— EXERCISE DESCRIPTION —
Of the lines below, write out exactly those from the line with "by rewrite coef_dminus_trunc" through the line with "by rewrite /rec_correction;", both included, and skip the rest.

— EXTRACTED INFORMATION —

Lemma xi_adj_last i j : 3 <= i -> j < i -> xi_adj i j = (j == i.-1).
Proof. by move=> le3i lt_ji; rewrite /xi_adj; apply/idP/eqP; lia. Qed.

Definition n_antichains (n k : nat) : nat :=
  count (fun l => stable xi_adj l && (count id l == k)) (bitseqs n).

Lemma dminus_n_antichains n k : dminus n k = n_antichains n k.
Proof.
rewrite dminus_antichains /n_antichains -card_indicator.
by apply: eq_card => A; rewrite !inE stable_indicator ?count_indicator //;
  [exact: xi_adj_sym|exact: xi_adj_irr].
Qed.

Lemma count_rcons (l : bitseq) b : count id (rcons l b) = count id l + b.
Proof. by rewrite -cats1 count_cat /= addn0. Qed.

(* From x_4 on, a new element is comparable only with its predecessor. *)
Lemma xi_stable_rcons2 l b c : 2 <= size l ->
  stable xi_adj (rcons (rcons l b) c) = stable xi_adj (rcons l b) && ~~ (b && c).
Proof.
move=> le2l; rewrite (stable_rcons _ (rcons l b)) size_rcons -addn1 iotaD all_cat add0n.
rewrite [iota _ 1]/= all_seq1 nth_rcons ltnn eqxx xi_adj_last ?addn1 // eqxx.
rewrite (@eq_in_all _ _ predT) ?all_predT; last first.
  move=> j; rewrite mem_iota add0n => /andP[_ lt_jl].
  by rewrite xi_adj_last ?(ltn_trans lt_jl) //= ltn_eqF ?implybT.
by case: b c => [] [].
Qed.

Lemma n_antichains0 n : n_antichains n 0 = 1.
Proof.
elim: n => // n IHn; rewrite /n_antichains /= count_cat !count_map.
rewrite (@eq_count _ _ pred0) ?count_pred0 => [|l]; last first.
  by rewrite /= count_rcons addn1 andbF.
rewrite -IHn; apply: eq_count => l /=.
by rewrite stable_rcons count_rcons addn0 andbT.
Qed.

Lemma n_antichains_rec n k : 2 <= n ->
  n_antichains n.+2 k.+1 = n_antichains n.+1 k.+1 + n_antichains n k.
Proof.
move=> le2n; rewrite /n_antichains [bitseqs n.+2]/= count_cat !count_map addnC.
congr (_ + _).
  by apply: eq_count => l /=; rewrite stable_rcons count_rcons addn0 andbT.
rewrite count_cat !count_map (@eq_in_count _ _ pred0); last first.
  move=> l; rewrite mem_bitseqs => /eqP size_l /=.
  by rewrite xi_stable_rcons2 ?size_l ?andbF.
rewrite count_pred0 add0n; apply: eq_in_count => l; rewrite mem_bitseqs => /eqP size_l /=.
rewrite xi_stable_rcons2 ?size_l // stable_rcons !count_rcons addn0 addn1 eqSS /=.
by rewrite !andbT.
Qed.

Import GRing.Theory.
Local Open Scope ring_scope.

Section TakePoly.

Variables (R : nzRingType) (m : nat).

Lemma take_polyP (p q : {poly R}) :
  take_poly m p = take_poly m q <-> (forall i, (i < m)%N -> p`_i = q`_i).
Proof.
split=> [eq_pq i lt_im|eq_pq].
  by have := congr1 (fun r : {poly R} => r`_i) eq_pq; rewrite /= !coef_take_poly lt_im.
by apply/polyP=> i; rewrite !coef_take_poly; case: ifP => // /eq_pq.
Qed.

Lemma take_poly_mull (p p' q : {poly R}) :
  take_poly m p = take_poly m p' -> take_poly m (p * q) = take_poly m (p' * q).
Proof.
move=> /take_polyP eq_p; apply/take_polyP=> i lt_im; rewrite !coefM.
by apply: eq_bigr => j _; rewrite eq_p // (leq_ltn_trans _ lt_im) // -ltnS.
Qed.

Lemma take_poly_mulr (p q q' : {poly R}) :
  take_poly m q = take_poly m q' -> take_poly m (p * q) = take_poly m (p * q').
Proof.
move=> /take_polyP eq_q; apply/take_polyP=> i lt_im; rewrite !coefM.
by apply: eq_bigr => j _; rewrite eq_q // (leq_ltn_trans _ lt_im) // leq_subr.
Qed.

End TakePoly.

Lemma coef_dminus_trunc k N i :
  (i <= N)%N -> (dminus_trunc k N)`_i = (n_antichains i k)%:Z.
Proof. by move=> le_iN; rewrite coef_poly ltnS le_iN dminus_n_antichains. Qed.

Lemma take_dminus_trunc0 N :
  take_poly N.+1 (dminus_trunc 0 N * (1 - 'X)) = take_poly N.+1 1.
Proof.
apply/take_polyP=> i; rewrite ltnS => le_iN.
rewrite mulrBr mulr1 coefB coefMX coef1 coef_dminus_trunc // n_antichains0.
case: i le_iN => [//|i] le_iN.
by rewrite coef_dminus_trunc ?n_antichains0 ?subrr // ltnW.
Qed.

(* Corrections to the recurrence coming from the chain x_3 < x_2 < x_1. *)
Definition rec_correction (k : nat) : {poly int} :=
  if k == 1%N then 'X else if k == 2%N then - 'X^3 else 0.

Lemma take_dminus_truncS k N :
  take_poly N.+1 (dminus_trunc k.+1 N * (1 - 'X)) =
  take_poly N.+1 ('X^2 * dminus_trunc k N + rec_correction k.+1).
Proof.
apply/take_polyP=> i; rewrite ltnS => le_iN.
rewrite mulrBr mulr1 coefB coefMX coefD coefXnM coef_dminus_trunc //.
case: i le_iN => [|[|[|[|i]]]] le_iN /=.
1-4: by case: k => [|[|[|k]]];
  rewrite /rec_correction /= ?coefX ?coefN ?coefXn ?coef0 ?coef_dminus_trunc //; lia.
have -> : (rec_correction k.+1)`_i.+4 = 0.
  by rewrite /rec_correction; case: ifP => _; [|case: ifP => _];
    rewrite ?coefX ?coefN ?coefXn ?coef0 ?oppr0.
rewrite addr0 !coef_dminus_trunc ?(leq_trans _ le_iN) ?leq_subr //.
by rewrite n_antichains_rec // PoszD addrAC subrr add0r.
Qed.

— ANSWER FOR THE TASK —
by rewrite coef_dminus_trunc ?n_antichains0 ?subrr // ltnW.
Qed.

(* Corrections to the recurrence coming from the chain x_3 < x_2 < x_1. *)
Definition rec_correction (k : nat) : {poly int} :=
  if k == 1%N then 'X else if k == 2%N then - 'X^3 else 0.

Lemma take_dminus_truncS k N :
  take_poly N.+1 (dminus_trunc k.+1 N * (1 - 'X)) =
  take_poly N.+1 ('X^2 * dminus_trunc k N + rec_correction k.+1).
Proof.
apply/take_polyP=> i; rewrite ltnS => le_iN.
rewrite mulrBr mulr1 coefB coefMX coefD coefXnM coef_dminus_trunc //.
case: i le_iN => [|[|[|[|i]]]] le_iN /=.
1-4: by case: k => [|[|[|k]]];
  rewrite /rec_correction /= ?coefX ?coefN ?coefXn ?coef0 ?coef_dminus_trunc //; lia.
have -> : (rec_correction k.+1)`_i.+4 = 0.
  by rewrite /rec_correction; case: ifP => _; [|case: ifP => _];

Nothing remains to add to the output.